My favorite story about Salt Island was about the history of the shipwreck that had happened off of its coast in the 1800’s. One fateful day, a British mail ship had tried to dock at the nearby St. Thomas island, only to view a yellow flag raised high, indicating that the island had a yellow fever outbreak and to stay clear. The captain changed course over towards Salt Island, when a powerful storm hit and he lost sight of everything. The ship slammed into giant rocks peering out of the water, filling the underbelly of the ship with water and causing the vessel to snap in two. Back then, according to Captain Dave (who told his stories with the inflection of a Canadian but the dramatic flair of an islander), most people could not swim and wore heavy wool clothing. As a result, only a handful of passengers survived, and only thanks to the courageous efforts of the inhabitants of Salt Island. As a gesture of gratitude to the island’s residents, the Queen of England declared that the island was exempt from its monetary taxes and only asked that the island provide five pounds of salt to Her Majesty each year. The last inhabitant of Salt Island, who had died a few years ago at the age of 84, had a yearly ritual of setting aside a five pound bucket of salt each year for the Queen’s official to claim–even though officials had stopped collecting the salt tax ages ago (the island was granted its official independence from England in 1960).
During the trip, my family also discovered what Captain Dave confirmed to us was the best food on the island. We came across Chez Bamboo, a small patio restaurant with decorative Christmas looking lights cast about erratically and plastic chairs at the tables. It looked charming, in terms of the casual/fancy fusion that islanders do so well, and the food was outstanding. I enjoyed an Anegada lobster that was literally almost the size of my arm. In my mind, on tropical vacations you’re already relaxed, but add a giant lobster smothered with melted butter sauce into the mix, and you enter nirvana.
We also discovered Yum Yum’s, a Virgin Gorda sweets shop located next to Chez Bamboo. Hankering for some ice cream on another balmy tropical day, we stepped in and looked around at the various treats on display. I noticed that, perched proudly on a shelf next to lollipops and sour candies, were several boxes of edible underwear. My brother Taylor, never one to hold back, asked the pleasant looking woman running the shop if anyone ever bought them, and if they came in different sizes. She grinned slyly and drawled in her islander accent, “They’re one size fits all, man.”

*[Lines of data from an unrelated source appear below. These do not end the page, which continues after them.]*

Lemma bad_pair_entropy_le n (w w' : n.-tuple E) :
  typical src tgt P vroot zeta w -> typical src tgt P vroot zeta w' -> w' != w ->
  (dH lab w w')%:R / n%:R < delta ->
  let mu := Num.min zeta delta in
  exists2 Q, A_set src tgt lab P zeta delta Q &
    HQ src (count_fun R (zip w w')) <= mix_den mu n%:R k.+1%:R / mu * HQ src Q.
Proof.
move=> /and3P[pw sw /forallP tw] /and3P[pw' sw' /forallP tw'] neq bad mu.
have n0 := neq_tuple_gt0 neq.
have delta0 : 0 < delta by apply: le_lt_trans bad; rewrite divr_ge0 ?ler0n.
have mu0 : 0 < mu by rewrite lt_min zeta_gt0 delta0.
have N0 : 0 <= n%:R :> R by rewrite ler0n.
have K0 : 0 < k.+1%:R :> R by rewrite ltr0n.
have szw : size w = size w' by rewrite !size_tuple.
have w0 : (0 < size w)%N by rewrite size_tuple.
have [C [C' [szC szC' stat_Z]]] := close_pair_paths szw w0 pw pw' sw sw'.
set Z := zip w w' ++ zip C C' in stat_Z.
have [P0 _] := stat; have P01 e : 0 <= P e <= 1 by rewrite (P_le1 stat) ltW ?P0.
exists (mix_diag P mu n%:R k.+1%:R (count_fun R Z)).
  apply: mix_diag_in_A; rewrite ?ge_min ?lexx ?orbT //.
  - by rewrite sum_count_fun_size size_cat !size_zip !size_tuple szC szC' !minnn natrD.
  - move=> e; rewrite /Z -!zip_cat ?szC ?szC' //.
    rewrite Qw_count_fun_zip ?Qw'_count_fun_zip ?size_cat ?szw ?szC ?szC' //.
    have closing_count D : size D = k.+1 -> 0 <= count_fun R D e <= k.+1%:R.
      by move=> <-; rewrite count_fun_ge0 ler_nat count_size.
    rewrite !count_fun_cat; split; apply: typical_marginal_lt;
      rewrite ?ltr0n ?P01 ?closing_count //; [exact: tw | exact: tw'].
  - rewrite EQf_count_fun big_cat /= -dH_zip.
    have hbad : (dH lab w w')%:R <= delta * n%:R by rewrite -ler_pdivrMr ?ltr0n // ltW.
    suff : \sum_(p <- zip C C') (lab p.1 != lab p.2)%:R <= k.+1%:R :> R by lra.
    have <- : size (zip C C') = k.+1 by rewrite size_zip szC szC' minnn.
    rewrite -sum1_size natr_sum.
    by apply: ler_sum => p _; rewrite ler_nat leq_b1.
have hZ := HQ_mix_diag_ge src N0 K0 mu0 (fun e => ltW (P0 e)) (@count_fun_ge0 R _ Z).
have den0 := mix_den_gt0 N0 K0 mu0.
apply: le_trans (HQ_count_fun_cat_ge R src (zip w w') (zip C C')) _; rewrite -/Z.
rewrite -[leLHS](mulKf (lt0r_neq0 (divr_gt0 mu0 den0))) invf_div.
by apply: ler_wpM2l hZ; rewrite divr_ge0 // ltW.
Qed.

End BadPairs.

Section EmpiricalKernel.
Variables (R : realType) (V E : finType) (src tgt : E -> V).

Definition condQ (T : E * E -> R) (p : E * E) : R := T p / Q1 src T (pair_src src p).

Lemma condQ_ge0 T : (forall q, 0 <= T q) -> forall p, 0 <= condQ T p.
Proof. by move=> T0 p; rewrite divr_ge0 // sumr_ge0. Qed.

Lemma condQ_mass_le1 T : (forall q, 0 <= T q) ->
  forall uu, \sum_(p | pair_src src p == uu) condQ T p <= 1.
Proof.
move=> T0 uu; rewrite (eq_bigr (fun p => T p / Q1 src T uu)); last by move=> p /eqP <-.
rewrite -mulr_suml -/(Q1 src T uu).
have [->|Q1n0] := eqVneq (Q1 src T uu) 0; first by rewrite mul0r.
by rewrite divff.
Qed.

Lemma condQ_count_gt0 (z : seq (E * E)) p : p \in z -> 0 < condQ (count_fun R z) p.
Proof.
move=> pz; have c0 : 0 < count_fun R z p by rewrite ltr0n -has_count; apply/hasP; exists p => /=.
by rewrite divr_gt0 // (lt_le_trans c0) // le_Q1 // => q; exact: count_fun_ge0.
Qed.

Lemma sum_log2_condQ_count (z : seq (E * E)) :
  \sum_(p <- z) log2 (condQ (count_fun R z) p) = - HQ src (count_fun R z).
Proof.
rewrite sumr_seq_count HQE opprK; apply: eq_bigr => p _.
by rewrite /xlog2div; case: eqP => [->|_]; rewrite ?mul0r.
Qed.

Lemma sum_pair_paths_condQ_le n uu :
  \sum_(w : n.-tuple E) \sum_(w' : n.-tuple E)
    pair_path_weight src tgt (condQ (count_fun R (zip w w'))) uu w w'
  <= ((n.+1) ^ #|{: E * E}|)%:R.
Proof.
pose type_of (w w' : n.-tuple E) : {ffun E * E -> 'I_n.+1} :=
  [ffun p => inord (count_mem p (zip w w'))].
pose fun_of (t : {ffun E * E -> 'I_n.+1}) (q : E * E) : R := (t q : nat)%:R.
have fun_of0 t q : 0 <= fun_of t q by rewrite ler0n.
have count_type (w w' : n.-tuple E) : count_fun R (zip w w') = fun_of (type_of w w').
  apply/funext => q; rewrite /fun_of /type_of ffunE inordK // ltnS.
  by rewrite (leq_trans (count_size _ _)) // size_zip !size_tuple minnn.
apply: (@le_trans _ _ (\sum_(t : {ffun E * E -> 'I_n.+1}) \sum_(w : n.-tuple E)
   \sum_(w' : n.-tuple E) pair_path_weight src tgt (condQ (fun_of t)) uu w w')).
  rewrite [leRHS]exchange_big; apply: ler_sum => w _.
  rewrite [leRHS]exchange_big; apply: ler_sum => w' _.
  rewrite count_type (bigD1 (type_of w w')) //= lerDl sumr_ge0 // => t _.
  by apply: pair_path_weight_ge0; exact: condQ_ge0.
apply: (@le_trans _ _ (\sum_(t : {ffun E * E -> 'I_n.+1}) 1)).
  by apply: ler_sum => t _; apply: pair_path_mass_le1; [exact: condQ_ge0 | exact: condQ_mass_le1].
by rewrite sumr_const card_ffun card_ord.
Qed.

End EmpiricalKernel.

Section TypicalPaths.
Variables (R : realType) (V E : finType) (src tgt : E -> V) (P : E -> R).
Hypothesis stat : stationary_pmf src tgt P.

Definition surprisal : R := \sum_e - log2 (condP src P e).

Lemma sum_log2_condP_typical zeta n (w : n.-tuple E) : (0 < n)%N ->
  (forall e, `|(count_mem e w)%:R / n%:R - P e| < zeta) ->
  \sum_(e <- w) log2 (condP src P e) <= n%:R * (zeta * surprisal - HP src P).
Proof.
move=> n0 typ; have N0 : 0 < n%:R :> R by rewrite ltr0n.
have -> : zeta * surprisal - HP src P = \sum_e (P e - zeta) * log2 (condP src P e).
  rewrite /surprisal /HP opprK mulr_sumr -big_split /=.
  by apply: eq_bigr => e _; rewrite /condP; ring.
rewrite sumr_seq_count mulr_sumr; apply: ler_sum => e _; rewrite [leRHS]mulrA.
apply: ler_wnM2r; first by rewrite /log2 pmulr_lle0 ?invr_gt0 ?ln2_gt0 // ln_le0 ?(condP_le1 stat).
have := typ e; rewrite ltr_norml => /andP[lo _].
by rewrite -ler_pdivlMl // ltW //; lra.
Qed.

End TypicalPaths.

Section BadPairMass.
Variables (R : realType) (Sigma V E : finType) (src tgt : E -> V) (lab : E -> Sigma).
Variables (P : E -> R) (k : nat) (vroot : V) (zeta delta h : R).
Hypothesis stat : stationary_pmf src tgt P.
Hypothesis connect_k : forall u v : V, exists (e0 : E) (w : seq E),
  size w = k /\ is_path src tgt (e0 :: w) /\ src e0 = u /\ tgt (last e0 w) = v.
Hypothesis zeta_gt0 : 0 < zeta.
Hypothesis HQ_le : forall Q, A_set src tgt lab P zeta delta Q -> HQ src Q <= h.

Let mu := Num.min zeta delta.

After several days of boating and snorkeling adventures, coupled with good seafood and a Robinson Crusoe-esque environment, it was time to begin the long journey back to reality. As I began my day of boating to Tortola and flying to D.C. via Tortola/San Juan/Miami, I bid adieu to the raw nature that is Virgin Gorda. The quiet, undeveloped beauty truly enthralls and relaxes. I arrived in a pensive state, but I left in a peaceful, contemplative one.
Virgin Gorda might indeed be trickier to get to than Europe, but like any unique and exotic destination, it’s worth it.